In that area, you get to a subway. The Wolves (not sure if I’ve said the different factions of the game or not, but you have the WLF, the Washington Liberation Front which is the group Abby is with. You have Fetra, which is the government/military group we saw in the first game and they’re only minimally part of this game and you have the Seraphites or Scars and we’ll mention them in a bit) have lit the subway up with flares so there’s this ominous red lighting in the area. In the area there are wolves, clickers and new types of infected and the atmosphere of the subway in Seattle was incredible.

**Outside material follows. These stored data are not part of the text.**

Lemma cost_unmatched G G' rho d :
  cost G G' rho d = size (Delta G' rho) + count (unmatched d (Delta G' rho)) (Lambda G G').
Proof.
rewrite /cost -addnA addnC; congr (_ + _).
  rewrite /Delta' !size_filter -(count_predC (fun x => d x != None)) addnC.
  by congr (_ + _); apply: eq_in_count => x Hx /=; rewrite mem_filter Hx andbT.
rewrite size_filter; apply: eq_in_count => y Hy /=; rewrite /Lambda' mem_filter Hy andbT.
congr (~~ _); apply/hasP/hasP => [[x]|[x Hx /eqP Ex]].
  by rewrite /Delta' mem_filter => /andP[_ Hx] Ex; exists x.
by exists x; rewrite ?Ex // /Delta' mem_filter Hx Ex.
Qed.

Lemma count_split (T : Type) (P Q : pred T) (s : seq T) :
  count P s = count (fun e => P e && Q e) s + count (fun e => P e && ~~ Q e) s.
Proof. by elim: s => //= a s ->; case: (P a); case: (Q a) => /=; lia. Qed.

Lemma count_uniq_sub (s1 s2 : seq nat) (P : pred nat) : uniq s1 -> uniq s2 ->
  {subset s2 <= s1} -> count P s1 = count P s2 + count (fun x => P x && (x \notin s2)) s1.
Proof.
move=> U1 U2 S; rewrite (count_split P (mem s2)); congr (_ + _).
have Hp : perm_eq [seq x <- s1 | x \in s2] s2.
  apply: uniq_perm; [exact: filter_uniq | exact: U2 |] => x; rewrite mem_filter.
  by apply/andP/idP => [[]//|H]; split=> //; apply: S.
by rewrite -(permP Hp) count_filter; apply: eq_count.
Qed.

Definition partner_in (d : nat -> option nat) (L : seq nat) x : bool :=
  if d x is Some y then y \in L else false.

Definition restrict_partner (d : nat -> option nat) (L : seq nat) x : option nat :=
  if partner_in d L x then d x else None.

(** A loss that loses its partner under restriction was matched by a
    duplication that has itself disappeared. *)
Lemma unmatched_restrict_bound (D1 D2 L2 : seq nat) (d : nat -> option nat) : uniq L2 ->
  count (unmatched (restrict_partner d L2) D2) L2 <=
  count (unmatched d D1) L2 + count (fun x => (x \notin D2) && partner_in d L2 x) D1.
Proof.
move=> UL2; rewrite (count_split _ (unmatched d D1)).
apply: leq_add; first by apply: sub_count => y /andP[].
set rematched := [seq odflt 0 (d x) | x <- D1 & (x \notin D2) && partner_in d L2 x].
rewrite -size_filter (_ : count _ D1 = size rematched); last by rewrite size_map size_filter.
apply: uniq_leq_size; first exact: filter_uniq.
move=> y; rewrite mem_filter => /andP[/andP[Hu2 /negbNE /hasP[x Hx /eqP Ex]] Hy].
apply/mapP; exists x; rewrite ?Ex // mem_filter Hx andbT /partner_in Ex Hy andbT.
apply: contra Hu2 => HxD2; apply/hasP; exists x => //.
by rewrite /restrict_partner /partner_in Ex Hy.
Qed.

Lemma restrict_cost_lt (D1 D2 L1 L2 : seq nat) (d : nat -> option nat) :
  uniq D1 -> uniq D2 -> uniq L1 -> uniq L2 -> {subset D2 <= D1} -> {subset L2 <= L1} ->
  (exists2 w, w \in D1 & w \notin D2 /\ ~~ partner_in d L2 w) \/
  (exists2 l, l \in L1 & l \notin L2 /\ unmatched d D1 l) ->
  size D2 + count (unmatched (restrict_partner d L2) D2) L2 <
  size D1 + count (unmatched d D1) L1.
Proof.
move=> UD1 UD2 UL1 UL2 SD SL W.
have := unmatched_restrict_bound D1 D2 d UL2.
have := count_uniq_sub (unmatched d D1) UL1 UL2 SL.
have := count_uniq_sub predT UD1 UD2 SD; rewrite !count_predT.
rewrite (count_split (fun x => x \notin D2) (partner_in d L2)).
have : 0 < count (fun x => (x \notin D2) && ~~ partner_in d L2 x) D1 +
           count (fun y => unmatched d D1 y && (y \notin L2)) L1.
  case: W => [[w Hw [HwD2 Hp]]|[l Hl [HlL2 Hu]]]; [apply: ltn_addr | apply: ltn_addl].
    by rewrite -has_count; apply/hasP; exists w; rewrite ?HwD2.
  by rewrite -has_count; apply/hasP; exists l; rewrite ?Hu.
lia.
Qed.

Lemma perm_cat_notin (s r s' : seq nat) x :
  perm_eq (s ++ r) s' -> uniq s' -> x \in r -> x \notin s.
Proof.
move=> /perm_uniq <-; rewrite cat_uniq => /and3P[_ /hasPn D _] /D.
by apply: contra => Hx.
Qed.

Definition rho3 (rho : nat -> nat) (tr : nat * nat * nat) := (rho tr.1.1, rho tr.1.2, rho tr.2).

Lemma rho3_relabel rho a b tr :
  rho b = rho a -> rho3 rho (relabel_children a b tr) = rho3 rho tr.
Proof. by move=> E; rewrite /rho3 /=; congr (_, _, _); case: eqP => // ->. Qed.

Lemma DeltaP (G' : rtree) rho x : reflect
  (exists2 tr, tr \in rinternal G' & [/\ tr.1.1 = x, rho tr.1.2 = rho x & rho tr.2 = rho x])
  (x \in Delta G' rho).
Proof.
apply: (iffP mapP) => [[tr]|[tr Htr [<- E2 E3]]].
  by rewrite mem_filter => /andP[/andP[/eqP E2 /eqP E3] Htr] ->; exists tr.
by exists tr; rewrite // mem_filter Htr E2 E3 !eqxx.
Qed.

Lemma Delta_nodes (G' : rtree) rho x : x \in Delta G' rho -> x \in bnodes (rchild G').
Proof. by case/DeltaP=> tr /internal_head_in + [<- _ _]. Qed.

Lemma internal_heads_subseq t : subseq [seq tr.1.1 | tr <- binternal t] (bnodes t).
Proof. by elim: t => [//|v l IHl r IHr]; rewrite /= eqxx map_cat cat_subseq. Qed.

Lemma Delta_uniq (G' : rtree) rho : uniq (bnodes (rchild G')) -> uniq (Delta G' rho).
Proof.
move=> U; apply: subseq_uniq U; apply: subseq_trans (internal_heads_subseq _).
exact/map_subseq/filter_subseq.
Qed.

Lemma Lambda_uniq G G' : uniq (bnodes (rchild G')) -> uniq (Lambda G G').
Proof. by move/bleaves_uniq; apply: filter_uniq. Qed.

Lemma Delta_head z t rho x a b : uniq (bnodes t) -> x \in Delta (RTree z t) rho ->
  (x, a, b) \in binternal t -> rho a = rho x /\ rho b = rho x.
Proof.
move=> U /DeltaP [[[x' a'] b'] H [/= Ex Ea Eb]] Hx; subst x'.
by case: (internal_label_inj U H Hx) => <- <-.
Qed.

Lemma Delta_graft z t a u rho x : rho (blabel u) = rho a -> x \notin bnodes u ->
  x \in Delta (RTree z (graft t a u)) rho -> x \in Delta (RTree z t) rho.
Proof.
move=> Eu Nx /DeltaP [tr /graft_internal [Hu|[tr' Ht ->]] [Ex E2 E3]].
  by move: Nx; rewrite -Ex (internal_head_in Hu).
apply/DeltaP; exists tr' => //; move: (rho3_relabel tr' Eu) Ex E2 E3 => [].
by rewrite /= => <- <- -> ->.
Qed.

Lemma consistentP S rho G' x a b : consistent S rho G' -> (x, a, b) \in rinternal G' ->
  (rho a = rho x /\ rho b = rho x) \/ (rho x, rho a, rho b) \in rinternal S.
Proof.
by case=> _ C /C [[-> ->]|[sl [sr [H [-> ->]]]]]; [left | right].
Qed.

Lemma consistent_children S rho G' x a b : consistent S rho G' -> (x, a, b) \in rinternal G' ->
  (rho a = rho x \/ is_child (rchild S) (rho x) (rho a)) /\
  (rho b = rho x \/ is_child (rchild S) (rho x) (rho b)).
Proof.
move=> C /(consistentP C) [[-> ->]|/internal_children [? ?]]; first by split; left.
by split; right.
Qed.

(** * Locating a pruning *)

Lemma bext_root_kept x a b g : uniq (bnodes (BNode x a b)) -> bext a g \/ bext b g ->
  blabel g <> x.
Proof.
case/uniq_node=> Na Nb _ [] /bext_nodes /(_ _ (blabel_in g)) + E; rewrite E.
  by rewrite (negbTE Na).
by rewrite (negbTE Nb).
Qed.

Definition trace_within (X : seq nat) t (Y : seq nat) :=
  forall w, w \in X -> w \in bnodes t -> w \in Y.

Lemma trace_within_nodeL X v l r l' r' Y : uniq (bnodes (BNode v l' r')) ->
  {subset bnodes r <= bnodes r'} -> {subset X <= bnodes l'} ->
  trace_within X l Y -> trace_within X (BNode v l r) Y.
Proof.
move=> /uniq_node [Nl _ D] Sr SX C w Hw; rewrite inE mem_cat => /orP[/eqP E|/orP[|/Sr]].
- by move: (SX _ Hw); rewrite E (negbTE Nl).
- exact: C.
- by move=> Hr; case: (D w (SX _ Hw) Hr).
Qed.

Lemma trace_within_nodeR X v l r l' r' Y : uniq (bnodes (BNode v l' r')) ->
  {subset bnodes l <= bnodes l'} -> {subset X <= bnodes r'} ->
  trace_within X r Y -> trace_within X (BNode v l r) Y.
Proof.
move=> /uniq_node [_ Nr D] Sl SX C w Hw; rewrite inE mem_cat => /orP[/eqP E|/orP[/Sl|]].
- by move: (SX _ Hw); rewrite E (negbTE Nr).
- by move=> Hl; case: (D w Hl (SX _ Hw)).
- exact: C.
Qed.

Lemma rtree_eq (A B : rtree) : rroot A = rroot B -> rchild A = rchild B -> A = B.
Proof. by case: A B => [? ?] [? ?] /= -> ->. Qed.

How the red lighting reflects on everything and there was almost a puzzle aspect in trying to figure out how to deal with the variety of enemy types in the area, do you take them out by stealth, set them on one another etc.,
Eventually, Seattle leads Ellie and Dina to a theater where they end up making a makeshift base to work from while they figure out where to go next. We learn here that Dina is pregnant with Jesse, her ex's child, so she’ll need to rest in this location while Ellie continues to look for the Wolves and Abby. Ellie finds a guitar here, which leads to the best scene of the game. The game cuts back in time to a post The Last of Us Part I Ellie and Joel. Joel is leading Ellie to a surprise he made for her and that surprise is; a science museum. This part of the game is exactly what everyone wanted from a sequel and when I saw this area in TheRadBrad’s playthrough is when I quit watching and knew I wanted to play this game for myself. The interaction between Ellie and Joel is absolute perfection, it’s very fun and playful and the two of them have settled into their father and daughter roles here. The area is filled with dinosaur fossils and…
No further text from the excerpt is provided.